[Opening Given information section]
(* In the balanced case $\beta_0=C$ with $A>0$ (any sign of $\Delta$), locally uniformly in $\theta\in\mathbb{R}$, \[ \frac1n\log\frac{P_n(e^\theta)}{P_n(1)}\longrightarrow F(\theta)=\log\frac{\tau(1)}{\tau(e^\theta)}\qquad (n\to\infty). \]
   Context: Weighted Motzkin model: fix nonnegative integers $a,b,c,\alpha_0,\beta_0,\gamma_0$, $\alpha_k=ak+\alpha_0$, $\beta_k=bk+\beta_0$, $\gamma_k=ck+\gamma_0$; $w_{0,0}=1$, $w_{n,k}=0$ for $k<0$ or $k>n$, $w_{n+1,k}=\alpha_{k-1}w_{n,k-1}+\gamma_k w_{n,k}+\beta_k w_{n,k+1}$. $A=a$, $B=c$, $C=b$, $\Delta=B^2-4AC$; balanced means $\beta_0=C$. $P_n(x)=\sum_k w_{n,k}x^k$. The singular time $\tau(x)$ (for $x>0$) is: $\frac{1}{A(r_2-r_1)}\log\frac{x-r_1}{x-r_2}$ for $\Delta>0$ ($r_{1,2}=\frac{-B\pm\sqrt\Delta}{2A}$, $r_1<r_2$); $\frac{1}{A(x-r)}$ for $\Delta=0$ ($r=-B/(2A)$); $\frac{\pi/2-\arctan((x-p)/q)}{Aq}$ for $\Delta<0$ ($p=-B/(2A)$, $q=\sqrt{-\Delta}/(2A)$). *)

From Stdlib Require Import Reals Lra Lia.
Open Scope R_scope.

(* Weighted Motzkin numbers w_{n,k} with alpha_k = a k + alpha0,
   beta_k = b k + beta0, gamma_k = c k + gamma0 (all nonnegative integers).
   w_{n,k} = 0 for k < 0 is built in (k : nat; the k = 0 case has no
   alpha-term), and w_{n,k} = 0 for k > n follows from w_{0,k} = 0 for k > 0. *)
Fixpoint wM (a b c al0 be0 ga0 : nat) (n k : nat) : nat :=
  match n with
  | O => match k with O => 1%nat | S _ => 0%nat end
  | S m =>
      (match k with
       | O => 0%nat
       | S j => ((a * j + al0) * wM a b c al0 be0 ga0 m j)%nat
       end
       + (c * k + ga0) * wM a b c al0 be0 ga0 m k
       + (b * k + be0) * wM a b c al0 be0 ga0 m (S k))%nat
  end.

Definition Pn (a b c al0 be0 ga0 : nat) (n : nat) (x : R) : R :=
  sum_f_R0 (fun k => INR (wM a b c al0 be0 ga0 n k) * x ^ k) n.

Definition tau (A B C : R) (x : R) : R :=
  let D := B ^ 2 - 4 * A * C in
  if Rlt_dec 0 D then
    let r1 := (- B - sqrt D) / (2 * A) in
    let r2 := (- B + sqrt D) / (2 * A) in
    / (A * (r2 - r1)) * ln ((x - r1) / (x - r2))
  else if Req_EM_T D 0 then
    let r := - B / (2 * A) in
    / (A * (x - r))
  else
    let p := - B / (2 * A) in
    let q := sqrt (- D) / (2 * A) in
    (PI / 2 - atan ((x - p) / q)) / (A * q).

From Stdlib Require Import Reals Lra Lia ZArith.
From Coquelicot Require Import Coquelicot.
Open Scope R_scope.

(* The polynomials satisfy [P_(n+1) = Q P_n' + L P_n] with [Q y = a y^2 + c y + b] and
   [L y = alpha0 y + gamma0], while the singular time solves [tau' = -1/Q].  Hence the exponential
   generating function [sum_k P_(n+k)(z) T^k / k!] is transported along the characteristics
   [T = tau z - tau Y].  A Gronwall bound along them gives
   [P_m(x) (tau x - tau Y)^m / m! <= exp (L(Y) (tau x - tau Y))], and [Y -> oo] yields
   [limsup (1/n) log (P_n(x) / n!) <= - log tau(x)].  Conversely, the series started at [x] must
   reach [P_p(Y) >= a^(p-1) (p-1)! Y^p]; as its negative binomial weights [C(p+k,k) r^k]
   concentrate near [k = p r / (1 - r)], some index [m ~ p / (1 - r)] has [P_m(x) / m! >= rho^m]
   for any [rho < 1 / tau(x)], and [P_(k+1) <= (k+1) (Q/x + L) P_k] spreads this to every large
   [n].  So [(1/n) log (P_n(x) / n!) -> - log tau(x)] pointwise, the convergence is locally uniform
   because both sides are monotone in [x], and the theorem is the difference of the limits at
   [e^theta] and at [1]. *)

Lemma sum_f_R0_zero_tail (f : nat -> R) (n N : nat) :
  (forall k, (n < k)%nat -> f k = 0) -> (n <= N)%nat ->
  sum_f_R0 f N = sum_f_R0 f n.
Proof.
  intros Hf HN. induction HN as [|N HN IH]; auto.
  rewrite tech5, IH, Hf; [ring|lia].
Qed.

Lemma sum_f_R0_shift (f : nat -> R) (n : nat) :
  sum_f_R0 f (S n) = f 0%nat + sum_f_R0 (fun i => f (S i)) n.
Proof. rewrite decomp_sum; [reflexivity|lia]. Qed.

Lemma sum_f_R0_term_le (f : nat -> R) (n k : nat) :
  (forall j, 0 <= f j) -> (k <= n)%nat -> f k <= sum_f_R0 f n.
Proof.
  intros Hf Hk. induction Hk as [|n Hk IH].
  - destruct k; simpl; [lra|].
    pose proof (cond_pos_sum f k Hf). lra.
  - simpl. pose proof (Hf (S n)). lra.
Qed.

Lemma is_derive_sum_f_R0 (f df : nat -> R -> R) (N : nat) (z : R) :
  (forall k, is_derive (f k) z (df k z)) ->
  is_derive (fun z => sum_f_R0 (fun k => f k z) N) z (sum_f_R0 (fun k => df k z) N).
Proof.
  intros Hf. induction N as [|N IH]; [apply Hf|].
  apply (is_derive_plus (fun z => sum_f_R0 (fun k => f k z) N) (f (S N))); auto.
Qed.

Lemma is_derive_sum_pow (cf : nat -> R) (N : nat) (y : R) :
  is_derive (fun y => sum_f_R0 (fun k => cf k * y ^ k) N) y
            (sum_f_R0 (fun k => INR k * cf k * y ^ (k - 1)) N).
Proof.
  induction N.
  - simpl. auto_derive; auto. simpl. ring.
  - simpl. apply (is_derive_plus (fun y => sum_f_R0 (fun k => cf k * y ^ k) N) (fun y => cf (S N) * y ^ S N)).
    + exact IHN.
    + auto_derive; auto. replace (S N - 1)%nat with N by lia. rewrite Nat.sub_0_r. ring.
Qed.

Lemma le_of_derive_nonneg (f df : R -> R) (x y : R) : x <= y ->
  (forall z, x <= z <= y -> is_derive f z (df z)) ->
  (forall z, x <= z <= y -> 0 <= df z) -> f x <= f y.
Proof.
  intros Hxy Hd Hpos. destruct (Req_dec x y) as [->|Hne]; [lra|].
  destruct (MVT_gen f x y df) as [z [Hz Heq]].
  - intros z Hz. rewrite Rmin_left, Rmax_right in Hz by lra. apply Hd; lra.
  - intros z Hz. rewrite Rmin_left, Rmax_right in Hz by lra.
    apply continuity_pt_filterlim.
    apply (ex_derive_continuous (K:=R_AbsRing) (V:=R_NormedModule) f z).
    exists (df z). apply Hd; lra.
  - rewrite Rmin_left, Rmax_right in Hz by lra.
    assert (0 <= df z * (y - x)) by (apply Rmult_le_pos; [apply Hpos; lra| lra]). lra.
Qed.

Lemma sub_le_of_derive_le (f df : R -> R) (x y B : R) : x <= y ->
  (forall z, x <= z <= y -> is_derive f z (df z)) ->
  (forall z, x <= z <= y -> df z <= B) -> f y - f x <= B * (y - x).
Proof.
  intros Hxy Hd Hb.
  enough (B * x - f x <= B * y - f y) by lra.
  apply (le_of_derive_nonneg (fun z => B * z - f z) (fun z => B - df z)); auto.
  - intros z Hz. apply (is_derive_minus (fun z => B * z) f); [|apply Hd; auto].
    auto_derive; auto. ring.
  - intros z Hz. specialize (Hb z Hz). lra.
Qed.

Lemma exp_le_mono x y : x <= y -> exp x <= exp y.
Proof.
  intros H. destruct (Rle_lt_or_eq_dec _ _ H) as [H'|H']; [left; apply exp_increasing; auto| rewrite H'; lra].
Qed.

Lemma pow_eq_exp_ln x n : 0 < x -> x ^ n = exp (INR n * ln x).
Proof. intros Hx. rewrite <- Rpower_pow by auto. reflexivity. Qed.

Lemma pow_le_exp r z k : 0 <= r -> r <= exp z -> r ^ k <= exp (z * INR k).
Proof.
  intros Hr Hz. induction k.
  - simpl. rewrite Rmult_0_r, exp_0. lra.
  - rewrite S_INR. replace (z * (INR k + 1)) with (z * INR k + z) by ring. rewrite exp_plus.
    simpl. rewrite Rmult_comm. apply Rmult_le_compat; auto. apply pow_le; auto.
Qed.

Lemma pow_div_distr x y n : y <> 0 -> (x / y) ^ n = x ^ n / y ^ n.
Proof.
  intros Hy. induction n; simpl; [field|]. rewrite IHn. field. split; auto. apply pow_nonzero; auto.
Qed.

Lemma exp_ge_sqr_div_4 x : 0 <= x -> x ^ 2 / 4 <= exp x.
Proof.
  intros Hx. replace (exp x) with (exp (x / 2) * exp (x / 2)) by (rewrite <- exp_plus; f_equal; field).
  pose proof (exp_ineq1_le (x / 2)). nra.
Qed.

Lemma pow_add_ge_bernoulli (z d : R) (k : nat) : 0 <= z -> 0 <= d ->
  z ^ k + INR k * d * z ^ (k - 1) <= (z + d) ^ k.
Proof.
  intros Hz Hd. destruct k as [|k]; [simpl; lra|].
  replace (S k - 1)%nat with k by lia. induction k.
  - simpl. lra.
  - rewrite !S_INR in *. cbn [pow] in *.
    assert (0 <= z ^ k) by (apply pow_le; auto).
    assert (0 <= INR k) by apply pos_INR.
    assert (0 <= d * d * z ^ k * (INR k + 1)) by (repeat apply Rmult_le_pos; lra).
    assert ((z + d) * (z * z ^ k + (INR k + 1) * d * z ^ k) <= (z + d) * ((z + d) * (z + d) ^ k))
      by (apply Rmult_le_compat_l; lra).
    nra.
Qed.

Lemma ln_le_sub_1 u : 0 < u -> ln u <= u - 1.
Proof.
  intros Hu. rewrite <- (ln_exp (u - 1)). apply ln_le; auto.
  pose proof (exp_ineq1_le (u - 1)). lra.
Qed.

Lemma ln_ge_1_sub_inv u : 0 < u -> 1 - / u <= ln u.
Proof.
  intros Hu. pose proof (ln_le_sub_1 (/ u) (Rinv_0_lt_compat _ Hu)) as H.
  rewrite ln_Rinv in H by auto. lra.
Qed.

Lemma ln_1_plus_ge v : 0 <= v -> v - v ^ 2 / 2 <= ln (1 + v).
Proof.
  intros Hv.
  enough (0 - 0 + 0 ^ 2 / 2 <= ln (1 + v) - v + v ^ 2 / 2) by (simpl in H; lra).
  rewrite <- ln_1 at 1. rewrite <- (Rplus_0_r 1) at 1.
  apply (le_of_derive_nonneg (fun t => ln (1 + t) - t + t ^ 2 / 2) (fun t => t ^ 2 / (1 + t))); auto.
  - intros t Ht. auto_derive; [lra|]. field. lra.
  - intros t Ht. apply Rmult_le_pos; [apply pow2_ge_0| left; apply Rinv_0_lt_compat; lra].
Qed.

Lemma atan_le_id z : 0 <= z -> atan z <= z.
Proof.
  intros Hz. enough (0 - atan 0 <= z - atan z) by (rewrite atan_0 in H; lra).
  apply (le_of_derive_nonneg (fun t => t - atan t) (fun t => 1 - / (1 + t ^ 2))); auto.
  - intros t _. apply (is_derive_minus (fun t => t) atan); [auto_derive; auto|].
    pose proof (is_derive_atan t) as H. unfold Rsqr in H. simpl. rewrite Rmult_1_r. exact H.
  - intros t _. assert (1 <= 1 + t ^ 2) by (pose proof (pow2_ge_0 t); lra).
    assert (/ (1 + t ^ 2) <= 1) by (rewrite <- Rinv_1; apply Rinv_le_contravar; lra). lra.
Qed.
[Closing Given information section]
» Task description
Set down exactly the lines of the data above, beginning with the line that has "- intros z Hz. specialize (Hb z Hz). lra." and ending with the line that has "- simpl. rewrite Rmult_0_r, exp_0. lra.", and no others.

» Response area
  - intros z Hz. specialize (Hb z Hz). lra.
Qed.

Lemma exp_le_mono x y : x <= y -> exp x <= exp y.
Proof.
  intros H. destruct (Rle_lt_or_eq_dec _ _ H) as [H'|H']; [left; apply exp_increasing; auto| rewrite H'; lra].
Qed.

Lemma pow_eq_exp_ln x n : 0 < x -> x ^ n = exp (INR n * ln x).
Proof. intros Hx. rewrite <- Rpower_pow by auto. reflexivity. Qed.

Lemma pow_le_exp r z k : 0 <= r -> r <= exp z -> r ^ k <= exp (z * INR k).
Proof.
  intros Hr Hz. induction k.
  - simpl. rewrite Rmult_0_r, exp_0. lra.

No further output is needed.